### Stored data entries
┄┄┄┄┄┄┄┄┄┄

Lemma charsum_vanish (P : {pred F}) (l : F -> F) x0 :
  (forall x y, x \in P -> y \in P -> x + y \in P) ->
  (forall x y, x \in P -> y \in P -> l (x + y) = l x + l y) ->
  (forall x, x \in P -> isbit (l x)) -> x0 \in P -> l x0 != 0 ->
  \sum_(x in P) chi (l x) = 0.
Proof.
move=> PD lD lbit Px0 lx0.
have l1 : l x0 = 1 by case: (isbitP (lbit _ Px0)) lx0 => ->; rewrite ?eqxx.
have shiftP x : (x + x0 \in P) = (x \in P).
  apply/idP/idP => [h|h]; last exact: PD.
  by have := PD _ _ h Px0; rewrite -addrA (addrr_pchar2 char2) addr0.
set S := \sum_(x in P) _.
have : S = - S.
  rewrite {1}/S (reindex_inj (addIr x0)) /= (eq_bigl _ _ shiftP) -sumrN.
  apply: eq_bigr => x Px; rewrite lD // l1 chiD; [|exact: lbit | exact: isbit1].
  by rewrite /chi oner_eq0 mulrN1.
by move/eqP; rewrite -addr_eq0 -mulr2n mulrn_eq0 /= => /eqP.
Qed.

Lemma charsum_trn (x : F) :
  \sum_(a : F) chi (Tr (a * x)) = if x == 0 then (2 ^ n)%:Z else 0.
Proof.
case: eqP => [-> | /eqP x0].
  rewrite (eq_bigr (fun _ => 1)) => [|a _]; last by rewrite mulr0 trn0 /chi eqxx.
  by rewrite sumr_const -hF natz.
have [y hy] := trn_nondeg x0.
rewrite (eq_bigl (mem predT)) //.
apply: (@charsum_vanish predT (fun a => Tr (a * x)) y) => //.
- by move=> a b _ _; rewrite mulrDl trnD.
- by move=> a _; exact: (trn_bit char2 frobn).
- by rewrite mulrC hy oner_eq0.
Qed.

End Characters.

Definition kerf (F : finFieldType) (M : F -> F) : pred F := [pred z | M z == 0].

Section QuadraticSpectrum.
Variable F : finFieldType.
Variable n : nat.
Hypothesis hF : #|F| = (2 ^ n)%N.
Hypothesis n_gt0 : (0 < n)%N.
Let char2 := card_pow2_char2 hF.
Let frobn := card_pow2_frob hF.
Notation Tr := (@trn F n).
Let Tr_bit y : isbit (Tr y) := trn_bit char2 frobn y.
Variables f M : F -> F.
Hypothesis f_bit : forall x, isbit (f x).
Hypothesis f_polar : forall x z, f (x + z) + f x + f z = Tr (x * M z).
Hypothesis M_additive : forall x y, M (x + y) = M x + M y.
(* Let $a,b$ be integers with $0<b<a$, let $S=\langle a,a+1,\ldots,a+b\rangle$ with conductor $c$, and let $m\ge 2c-1$. Let $M$ be an ordered $(S,m,r)$-amenable subset of $S$ whose shadow has $t$ elements, and let $N$ be another $(S,m,r)$-amenable subset of $S$ whose shadow is an interval of integers containing $m$. Then the shadow of $N$ has at least $t$ elements.
   Context: For $x\in S$, $\mathrm D(x)=\{\alpha\in S\mid x-\alpha\in S\}$. A set $M=\{m_1<\cdots<m_r\}\subseteq S$ with $2c-1\le m=m_1$ is $(S,m,r)$-amenable if $\mathrm D(m_i)\cap[m,\infty)\subseteq M$ for all $i$. The ground is $\{m,m+1,\ldots,m+a+b-1\}$, and the shadow of $M$ is $M\cap\{m,\ldots,m+a+b-1\}$. For a finite $M\subseteq S\cap[m,\infty)$, let $J$ be the set of $j\in\{0,\ldots,a-1\}$ such that $x-(m+b)=qa+j$ for some $x\in M$ and some integer $q\ge 0$; if $J\neq\emptyset$ let $j_0=\max J$ and let the wagon of $M$ be $W=\{x\in M\mid x-(m+b)=qa+j_0\text{ for some integer }q\}$. An element $P\in M$ is the pivot of $M$ if either $P<m+b$ and $P=\max M$, or $P=\max W$. An $(S,m,r)$-amenable set $M$ with pivot $P$ is ordered amenable if (i) its shadow is $\{m,m+1,\ldots,m+t\}$ for some integer $0\le t<a+b-1$, and (ii) whenever $s\in S\setminus M$ is such that $M\cup\{s\}$ is $(S,m,r+1)$-amenable with the same shadow as $M$, we have $s=P+a$. *)

From mathcomp Require Import all_boot.
Set Implicit Arguments.
Unset Strict Implicit.
Unset Printing Implicit Defensive.

Inductive inS (a b : nat) : nat -> Prop :=
| inS0 : inS a b 0
| inS_add x i : i <= b -> inS a b x -> inS a b (x + (a + i)).

Definition is_conductor (a b c : nat) : Prop :=
  (forall y, c <= y -> inS a b y) /\
  (forall n, (forall y, n <= y -> inS a b y) -> c <= n).

Definition inD (a b x alpha : nat) : Prop :=
  [/\ inS a b alpha, alpha <= x & inS a b (x - alpha)].

(* A finite set M = {m_1 < ... < m_r} is represented by its strictly increasing
   enumeration. *)
Definition amenable (a b c m r : nat) (M : seq nat) : Prop :=
  [/\ sorted ltn M, M != [::], size M = r & head 0 M = m] /\
  [/\ (forall x, x \in M -> inS a b x),
      2 * c - 1 <= m &
      (forall x, x \in M -> forall alpha, inD a b x alpha -> m <= alpha -> alpha \in M)].

Definition shadow (a b m : nat) (M : seq nat) : seq nat :=
  [seq x <- M | m <= x < m + a + b].

Definition Jset (a b m : nat) (M : seq nat) : seq nat :=
  [seq (x - (m + b)) %% a | x <- M & m + b <= x].

(* wagon: x in M with x - (m+b) = q a + j0 for some integer q *)
Definition wagon (a b m : nat) (M : seq nat) : seq nat :=
  let j0 := \max_(j <- Jset a b m M) j in
  [seq x <- M | x %% a == (m + b + j0) %% a].

Definition is_pivot (a b m : nat) (M : seq nat) (P : nat) : Prop :=
  P \in M /\
  ((P < m + b /\ P = \max_(x <- M) x) \/
   (Jset a b m M != [::] /\ P = \max_(x <- wagon a b m M) x)).

Definition ordered_amenable (a b c m r : nat) (M : seq nat) : Prop :=
  amenable a b c m r M /\
  exists P, [/\ is_pivot a b m M P,
    (exists t, t < a + b - 1 /\ shadow a b m M =i iota m t.+1) &
    (forall s, inS a b s -> s \notin M ->
       amenable a b c m r.+1 (sort leq (s :: M)) ->
       shadow a b m (sort leq (s :: M)) =i shadow a b m M ->
       s = P + a)].

From mathcomp Require Import all_boot zify.

Set Implicit Arguments.
Unset Strict Implicit.
Unset Printing Implicit Defensive.

(* Write an element above m as m + y with y = q (a + b) + r, r < a + b, and call
   q b + r the level of y; on [0, a + b) the level is the identity.  If the amenable
   set N with interval shadow had fewer than t = t' + 1 shadow elements, its shadow
   would lie below m + t'.  Since amenable sets are closed under subtracting the
   generators a + i (i <= b), a descent on y shows that every m + y in N has level
   below t'.  Conversely, if m + y has level below t' but is missing from the
   ordered set M, it can be added to M without changing the shadow, so m + y = P + a;
   then P - (m + b) = level y - b (mod a) is smaller than (m + t') - (m + b) = t' - b,
   against the maximality of the pivot's residue mod a.  So N and m + t' all lie in
   M, which is impossible since |N| = |M|. *)

Lemma bigmax_seq_mem (s : seq nat) : 0 < \max_(x <- s) x -> \max_(x <- s) x \in s.
Proof.
elim: s => [|y s IHs]; first by rewrite big_nil.
rewrite big_cons in_cons; move: IHs; set z := \max_(x <- s) x => IHs.
by case: (leqP y z) => [_ /IHs-> | _ _]; rewrite ?orbT ?eqxx.
Qed.

Lemma head_leq_sorted (s : seq nat) x : sorted ltn s -> x \in s -> head 0 s <= x.
Proof.
case: s => [|y s] //= s_sorted; rewrite in_cons => /predU1P[->//|xs].
by have /allP/(_ _ xs)/ltnW := order_path_min ltn_trans s_sorted.
Qed.

Definition level (a b y : nat) : nat := y %% (a + b) + y %/ (a + b) * b.

Lemma level_small a b y : y < a + b -> level a b y = y.
Proof. by move=> lt_y; rewrite /level modn_small // divn_small // addn0. Qed.

Lemma level_divn_eq a b y : y %/ (a + b) * a + level a b y = y.
Proof. by rewrite {3}(divn_eq y (a + b)) /level; lia. Qed.

Lemma level_large a b y : 0 < a -> a + b <= y -> y %% (a + b) + b <= level a b y.
Proof. by move=> a_gt0 le_y; rewrite leq_add2l leq_pmull // divn_gt0 // ltn_addr. Qed.

Lemma level_sub a b y i : 0 < a -> a + b <= y -> i <= b -> y %% (a + b) < a + i ->
  level a b (y - (a + i)) + i = level a b y.
Proof.
move=> a_gt0 le_ab_y le_ib lt_r.
have ab_gt0 : 0 < a + b by lia.
have q_gt0 : 0 < y %/ (a + b) by rewrite divn_gt0.
have lt_r_ab : y %% (a + b) < a + b by rewrite ltn_mod.
have Ey := divn_eq y (a + b).
move: q_gt0 lt_r lt_r_ab Ey; rewrite /level; set r := y %% (a + b).
case: (y %/ (a + b)) => [|q] //= _ lt_r lt_r_ab Ey.
have lt_r' : r + b - i < a + b by lia.
have -> : y - (a + i) = q * (a + b) + (r + b - i) by lia.
rewrite divnMDl // modnMDl (divn_small lt_r') (modn_small lt_r'); lia.
Qed.

Lemma interval_size_bound (s : seq nat) lo hi m n :
  lo <= m -> (forall x, (x \in s) = (lo <= x <= hi)) -> size s <= n -> hi < m + n.
Proof.
move=> le_lo_m mem_s size_s.
have : size (iota m (hi.+1 - m)) <= size s.
  apply: uniq_leq_size; first exact: iota_uniq.
  by move=> x; rewrite mem_iota mem_s => /andP[? ?]; apply/andP; lia.
rewrite size_iota; lia.
Qed.

Lemma head_sort_leq (s : seq nat) y :
  y \in s -> (forall x, x \in s -> y <= x) -> head 0 (sort leq s) = y.
Proof.
move=> ys y_min; have sorted_s := sort_sorted leq_total s.
have : y \in sort leq s by rewrite mem_sort.
case E: (sort leq s) sorted_s => [|z s'] //= sorted_s.
have zs : z \in s by rewrite -(mem_sort leq) E mem_head.
rewrite in_cons => /predU1P[-> //|ys'].
have /allP/(_ _ ys') le_zy := order_path_min leq_trans sorted_s.
by apply/eqP; rewrite eqn_leq le_zy y_min.
Qed.

Lemma inS_gen a b i : i <= b -> inS a b (a + i).
Proof. by move=> le_ib; rewrite -[a + i]add0n; apply: inS_add => //; apply: inS0. Qed.

Lemma one_notin_S a b : 1 < a -> ~ inS a b 1.
Proof. by move=> lt_1a S1; move E: 1 S1 => d S1; case: S1 E => // x i _ _; lia. Qed.

Lemma inD_step a b s alpha : inD a b s alpha ->
  alpha = s \/
  exists i, [/\ i <= b, alpha + (a + i) <= s & inD a b (s - (a + i)) alpha].
Proof.
case=> S_alpha le_alpha_s; move E: (s - alpha) => d S_d.
case: S_d E => [|x i le_ib S_x] E; first by left; lia.
right; exists i; split => //; first lia; split => //; first lia.
by have -> : s - (a + i) - alpha = x by lia.
Qed.

Lemma shadow_insert_high a b m M s : m + a + b <= s ->
  shadow a b m (sort leq (s :: M)) =i shadow a b m M.
Proof.
move=> le_s x; rewrite !mem_filter mem_sort in_cons.
by case: (x =P s) => [->|_] //=; rewrite ltnNge le_s andbF.
Qed.

Lemma pivot_offset_max a b m M P x : 0 < a -> 0 < P -> m + b <= P ->
  is_pivot a b m M P -> x \in M -> m + b <= x ->
  (x - (m + b)) %% a <= (P - (m + b)) %% a.
Proof.
move=> a_gt0 P_gt0 le_P [_ [[lt_P _] | [_ P_max]]]; first by lia.
move=> xM le_x; set j0 := \max_(j <- Jset a b m M) j.
have j0_lt : j0 < a.
  rewrite -(prednK a_gt0) ltnS; apply/bigmax_leqP_seq => _ /mapP[y _ ->] _.
  by rewrite -ltnS prednK // ltn_mod.
have /bigmax_seq_mem : 0 < \max_(y <- wagon a b m M) y by rewrite -P_max.
rewrite -P_max mem_filter => /andP[/eqP P_mod _].
have -> : (P - (m + b)) %% a = j0.
  apply/eqP; rewrite -(modn_small j0_lt) -(eqn_modDl (m + b)) subnKC //.
  exact/eqP.
apply: leq_bigmax_seq => //.
by apply/mapP; exists x; rewrite ?mem_filter ?le_x.
Qed.

Lemma shadow_iota_mem a b m M t y :
  shadow a b m M =i iota m t.+1 -> y <= t -> m + y \in M.
Proof.
move=> shadow_M le_y; have : m + y \in shadow a b m M by rewrite shadow_M mem_iota; lia.
by rewrite mem_filter => /andP[].
Qed.

Lemma pivot_shift_level a b m M t P y : 0 < a -> 0 < b -> t < a + b ->
  is_pivot a b m M P -> shadow a b m M =i iota m t.+1 ->
  a + b <= y -> P + a = m + y -> t <= level a b y.
Proof.
move=> a_gt0 b_gt0 lt_t P_pivot shadow_M le_ab_y P_eq.
rewrite leqNgt; apply/negP => lt_level.
have [q q_def] : exists q, y %/ (a + b) = q.+1.
  by exists (y %/ (a + b)).-1; rewrite prednK // divn_gt0 //; lia.
have b_le := level_large a_gt0 le_ab_y.
have Ey := level_divn_eq a b y; rewrite q_def mulSn in Ey.
have le_P : m + b <= P by lia.
have P_gt0 : 0 < P by lia.
have := pivot_offset_max a_gt0 P_gt0 le_P P_pivot (shadow_iota_mem shadow_M (leqnn t)).
have -> : P - (m + b) = q * a + (level a b y - b) by lia.
have -> : m + t - (m + b) = t - b by lia.
rewrite modnMDl !modn_small; lia.
Qed.

Lemma conductor_gt0 a b c : 1 < a -> is_conductor a b c -> 0 < c.
Proof.
move=> lt_1a [S_ge _]; case: (posnP c) => // c0.
by case: (one_notin_S (b:=b) lt_1a); apply: S_ge; rewrite c0.
Qed.

Section Amenable.

Variables (a b c m r : nat) (M : seq nat).
Hypothesis M_amen : amenable a b c m r M.

Lemma amenable_ge x : x \in M -> m <= x.
Proof. by case: M_amen => [[sorted_M _ _ <-] _]; apply: head_leq_sorted. Qed.

Lemma amenable_head : m \in M.
Proof. by case: M_amen => [[_ + _ <-] _]; case: (M) => // y s _; exact: mem_head. Qed.

Lemma amenable_uniq : uniq M.
Proof. by case: M_amen => [[/(sorted_uniq ltn_trans ltnn) ? _ _ _] _]. Qed.

Lemma amenable_insert s : inS a b s -> s \notin M -> m < s ->
  (forall i, i <= b -> m + (a + i) <= s -> s - (a + i) \in M) ->
  amenable a b c m r.+1 (sort leq (s :: M)).
Proof.
move=> S_s sM lt_m_s s_sub.
have [[sorted_M _ size_M _] [S_M le_2c D_closed]] := M_amen.
split; split => //.
- rewrite ltn_sorted_uniq_leq sort_uniq /= sM amenable_uniq.
  exact: (sort_sorted leq_total).
- by rewrite -size_eq0 size_sort.
- by rewrite size_sort /= size_M.
- apply: head_sort_leq; first by rewrite in_cons amenable_head orbT.
  by move=> x; rewrite in_cons => /predU1P[->|/amenable_ge]; [exact: ltnW|].
- by move=> x; rewrite mem_sort in_cons => /predU1P[->|/S_M].
move=> x; rewrite mem_sort in_cons => /predU1P[->|xM] alpha D_alpha le_alpha.
  rewrite mem_sort in_cons.
  case: (inD_step D_alpha) => [-> | [i [le_ib le_alpha_s D_alpha']]].
    exact: predU1l.
  have le_a : m + (a + i) <= s by lia.
  by rewrite (D_closed _ (s_sub i le_ib le_a) alpha) ?orbT.
by rewrite mem_sort in_cons (D_closed x xM alpha) ?orbT.
Qed.

Section Conductor.

Hypotheses (lt_1a : 1 < a) (conductor_c : is_conductor a b c) (le_m : 2 * c - 1 <= m).

Let le_c_m : c <= m.
Proof. by have := conductor_gt0 lt_1a conductor_c; lia. Qed.

Lemma amenable_sub_gen x i : x \in M -> i <= b -> m + (a + i) <= x -> x - (a + i) \in M.
Proof.
move=> xM le_ib le_x; have [_ [_ _ D_closed]] := M_amen.
apply: (D_closed x xM); last by lia.
have [S_ge _] := conductor_c.
split; [apply: S_ge; lia | lia |].
have -> : x - (x - (a + i)) = a + i by lia.
exact: inS_gen.
Qed.

Lemma level_lt_of_mem t y : t <= a + b - 1 ->
  {in shadow a b m M, forall x, x < m + t} -> m + y \in M -> level a b y < t.
Proof.
move=> le_t shadow_lt; elim/ltn_ind: y => y IHy yM.
have [lt_y | le_ab_y] := ltnP y (a + b).
  rewrite level_small //; suff : m + y < m + t by rewrite ltn_add2l.
  by apply: shadow_lt; rewrite mem_filter yM andbT; apply/andP; lia.
have lt_r : y %% (a + b) < a + b by rewrite ltn_mod; lia.
have b_le := level_large (ltnW lt_1a) le_ab_y.
set i := y %% (a + b) + 1 - a.
have le_ib : i <= b by lia.
have lt_ri : y %% (a + b) < a + i by lia.
have level_y := level_sub (ltnW lt_1a) le_ab_y le_ib lt_ri.
have IH_sub : level a b (y - (a + i)) < t.
  apply: IHy; first by lia.
  have -> : m + (y - (a + i)) = m + y - (a + i) by lia.
  by apply: amenable_sub_gen; rewrite // leq_add2l; lia.
lia.
Qed.

Section Ordered.

Variables (t P : nat).
Hypotheses (b_gt0 : 0 < b) (lt_t : t < a + b).
Hypotheses (P_pivot : is_pivot a b m M P) (shadow_M : shadow a b m M =i iota m t.+1).
Hypothesis M_ext : forall s, inS a b s -> s \notin M ->
  amenable a b c m r.+1 (sort leq (s :: M)) ->
  shadow a b m (sort leq (s :: M)) =i shadow a b m M -> s = P + a.

Lemma mem_of_level_lt y : level a b y < t -> m + y \in M.
Proof.
elim/ltn_ind: y => y IHy lt_level.
have [lt_y | le_ab_y] := ltnP y (a + b).
  by apply: (shadow_iota_mem shadow_M); rewrite level_small in lt_level; lia.
have r_le := level_large (ltnW lt_1a) le_ab_y.
have sub_mem i : i <= b -> m + (a + i) <= m + y -> m + y - (a + i) \in M.
  move=> le_ib _; have -> : m + y - (a + i) = m + (y - (a + i)) by lia.
  have lt_ri : y %% (a + b) < a + i by lia.
  have := level_sub (ltnW lt_1a) le_ab_y le_ib lt_ri.
  by move=> level_y; apply: IHy; lia.
case: (boolP (m + y \in M)) => // yM; exfalso.
have [S_ge _] := conductor_c.
have S_my : inS a b (m + y) by apply: S_ge; lia.
have lt_my : m < m + y by lia.
have high : m + a + b <= m + y by lia.
have shift := M_ext S_my yM (amenable_insert S_my yM lt_my sub_mem)
  (shadow_insert_high M high).
have := pivot_shift_level (ltnW lt_1a) b_gt0 lt_t P_pivot shadow_M le_ab_y (esym shift).
lia.
Qed.

End Ordered.

End Conductor.

End Amenable.

Theorem proposition4p17 (a b c m r : nat) (M N : seq nat) (t : nat) :
  0 < b -> b < a -> is_conductor a b c -> 2 * c - 1 <= m ->
  ordered_amenable a b c m r M ->
  size (shadow a b m M) = t ->
  amenable a b c m r N ->
  (exists lo hi, lo <= m <= hi /\
     forall x, (x \in shadow a b m N) = (lo <= x <= hi)) ->
  t <= size (shadow a b m N).
Proof.
move=> b_gt0 lt_ba conductor_c le_m [M_amen [P [P_pivot [t' [lt_t' shadow_M] M_ext]]]]
  <- N_amen [lo [hi [/andP[le_lo _] shadow_N]]].
have lt_1a : 1 < a by lia.
have -> : size (shadow a b m M) = t'.+1.
  rewrite -(size_iota m t'.+1); apply/perm_size/uniq_perm => //.
    exact: filter_uniq (amenable_uniq M_amen).
  exact: iota_uniq.
rewrite leqNgt; apply/negP => lt_shadow.
have shadow_N_lt : {in shadow a b m N, forall x, x < m + t'}.
  move=> x; rewrite shadow_N => /andP[_ le_x].
  exact: leq_ltn_trans le_x (interval_size_bound le_lo shadow_N _).
have level_N y : m + y \in N -> level a b y < t'.
  by apply: (level_lt_of_mem N_amen lt_1a conductor_c le_m _ shadow_N_lt); lia.
have N_sub_M : {subset m + t' :: N <= M}.
  move=> x; rewrite in_cons => /predU1P[-> | xN].
    exact: shadow_iota_mem shadow_M (leqnn t').
  have le_x := amenable_ge N_amen xN; rewrite -(subnKC le_x).
  have lt_t'_ab := leq_trans lt_t' (leq_subr 1 (a + b)).
  apply: (mem_of_level_lt M_amen lt_1a conductor_c le_m b_gt0 lt_t'_ab P_pivot shadow_M
    M_ext).
  by apply: level_N; rewrite subnKC.
have tN : m + t' \notin N by apply/negP => /level_N; rewrite level_small; lia.
have uniq_tN : uniq (m + t' :: N) by rewrite /= tN (amenable_uniq N_amen).
have /= := uniq_leq_size uniq_tN N_sub_M.
by have [[_ _ -> _] _] := M_amen; have [[_ _ -> _] _] := N_amen; rewrite ltnn.
Qed.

┄┄┄┄┄┄┄┄┄┄

### PROBLEM DESCRIPTION
Only lines holding the word "leqnn" are wanted, so copy each of them from the records above.

### REPLY
have := pivot_offset_max a_gt0 P_gt0 le_P P_pivot (shadow_iota_mem shadow_M (leqnn t)).
    exact: shadow_iota_mem shadow_M (leqnn t').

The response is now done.